The DBMS supports JDBC through the JDBC driver interface with each driver providing an implementation of the java.sql.Connection, java.sql.Statement, java.sql.PreparedStatement, java.sql.CallableStatement, and java.sql.ResultSet classes. What's more, the driver must implement the java.sql.Driver interface for use by the java.sql.DriverManager interface.

If a developer needs to access a database from Java, he or she obtains the java.sql.Connection object directly from the JDBC management layer and the java.sql.DriverManager. The Driver Managers leverage the URL string as an argument, allowing the JDBC management layer to locate and load the proper driver for the target database. The driver manager performs this "magic" by looking at each driver, finding the only one that can connect to the URL. Sometimes the URL may require a subprotocol that the driver supports (see the section "Types of JDBC Drivers," later in this chapter). Once all of this is complete, the driver connects to the DBMS and returns the proper java.sql connect object for accessing the database.

In order for the Driver Manager to locate the correct driver, each driver has to register with the Driver Manager using the DriverManager.registerDrive method, invoked from the applet. JDBC, using Java's rather limited security, is only able to use drivers coming from the local file system or from the same class loader. These are limitations that the tool vendors are overcoming through their own custom JDBC implementations.

Types of JDBC Drivers

JDBC drivers fit into one of four categories: JDBC-ODBC bridge driver, a native-API part-Java driver, a net-protocol all-Java driver, and a native-protocol all-Java driver.

JDBC works with ODBC by providing a JDBC-ODBC bridge to translate JDBC calls to functions understandable by the ODBC API. Although JDBC and ODBC are similar, they take slightly different approaches toward connecting to databases. Therefore, when using this architecture, developers must endure the overhead of a translation layer communicating with another translation layer.

The JDBC-ODBC bridge driver provides Java developers with JDBC access using most ODBC drivers. Not only is this the most flexible method, it is also the most homogeneous. Typically, the ODBC binaries must be loaded on each client machine using the driver. That being the case, it is likely that the Java application will be locked into the Windows platform where ODBC is more native. An easier option may be to access a shared set of ODBC binaries existing on an application server using JDBC. However, the architecture involved is much more complex and adds time to a development project.

The ODBC bridge is a requirement of JDBC if the standard is expected to support the vast majority of relational databases (and sometimes nonrelational databases) currently available. This is the result of failure on the part of some of the database vendors and gateways of larger systems to offer JDBC drivers. Eventually, middleware vendors will offer the JDBC drivers, thus eliminating the need to communicate through more than a single translation layer. However, the performance hit will not be as significant as might be anticipated.
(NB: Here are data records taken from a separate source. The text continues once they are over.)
(* Let $K$ be a field, $\mathcal P=(P,\preceq)$ a finite or countable locally finite poset and $\sim$ a bialgebra compatible equivalence relation on its nonempty intervals such that $\nabla([[a,x]]\otimes[[x,b]])=[[a,b]]$ for all $a\preceq x\preceq b$. Then the m-weak interval bialgebra $(L,\nabla,\eta;\Delta,\epsilon)$ is an m-weak Hopf algebra, and its antipode is $S=\widehat{\mu}$, where $\mu=\zeta^{\star-1}$ is the Möbius function, $\zeta$ is the constant function $1$ in the incidence algebra, and $\widehat\mu(I)=\mu(I)\,I$ for every class $I$.
   Context: Locally finite: all intervals $[a,b]$ are finite. $[[a,b]]$ is the $\sim$-class of $[a,b]$ and $L$ is the $K$-space with basis the classes. Bialgebra compatible: $[a,b]\sim[a',b']$, $[b,c]\sim[b',c']$ imply $[a,c]\sim[a',c']$; for $[a,b]\sim[a',b']$ there is a bijection $f:[a,b]\to[a',b']$ with $[a,x]\sim[a',f(x)]$, $[x,b]\sim[f(x),b']$; and $[a,a]\sim[b,b]$ for all $a,b$. On $L$: $\eta(r)=r[[a,a]]$; $\nabla(I\otimes J)=n_{I,J}[[a,b]]$ if there are $a\preceq x\preceq b$ with $I=[[a,x]]$, $J=[[x,b]]$ ($n_{I,J}$ the number of such $x$), else $0$; $\Delta([[a,b]])=\sum_{x\in[a,b]}[[a,x]]\otimes[[x,b]]$; $\epsilon([[a,b]])=\delta_{a,b}$. The incidence algebra consists of functions $\Phi$ from classes to $K$ with $(\Phi\star\Psi)([[a,b]])=\sum_{a\preceq x\preceq b}\Phi([[a,x]])\Psi([[x,b]])$ and unit $U([[a,b]])=\delta_{a,b}$. An m-weak bialgebra is an algebra $(L,\nabla,\eta)$ and coalgebra $(L,\Delta,\epsilon)$ with $\Delta\circ\eta=\eta\otimes\eta$, $\epsilon\circ\nabla=\epsilon\otimes\epsilon$, $\epsilon\circ\eta=\mathrm{id}_K$; it is an m-weak Hopf algebra if $\mathrm{id}_L$ has an inverse $S$ (the antipode) in the convolution algebra $(\mathrm{Hom}_K(L,L),\star,\eta\circ\epsilon)$, $f\star g=\nabla\circ(f\otimes g)\circ\Delta$. *)

From HB Require Import structures.
From mathcomp Require Import all_boot all_order all_algebra.
From mathcomp Require Import finmap.
From mathcomp.multinomials Require Import monalg.
From Stdlib Require Import ClassicalEpsilon.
A native-API part-Java driver is a "middle-of-the-road" approach. This driver converts JDBC calls into calls on the client API for any number of target databases (including Oracle, Sybase, Informix, and DB2). However, for this option to be successful, some binary code must be loaded on the clients. As a result, it has many of the same limitations as the JDBC-ODBC bridge driver but does not require access to ODBC.

The net-protocol all-Java driver translates JDBC calls into a DBMS-independent net protocol, which is again translated into a native DBMS protocol by a server. As a result, this driver can connect its pure Java clients to any number of databases with the database vendor specifying the native protocol employed. This is one of the most flexible of all JDBC solutions and is typically seen on intranets. For Internet access, this architecture must support additional security requirements. Database vendors are working to assure that they support net-protocol all-Java drivers.

Finally, a native-protocol all-Java driver directly converts JDBC calls into the network-native DBMS network protocol. This driver architecture provides direct calls from the client to the database server. This architecture is most popular for intranet access because it not only uses pure, portable Java but, by taking a direct route to the data, also provides the best performance.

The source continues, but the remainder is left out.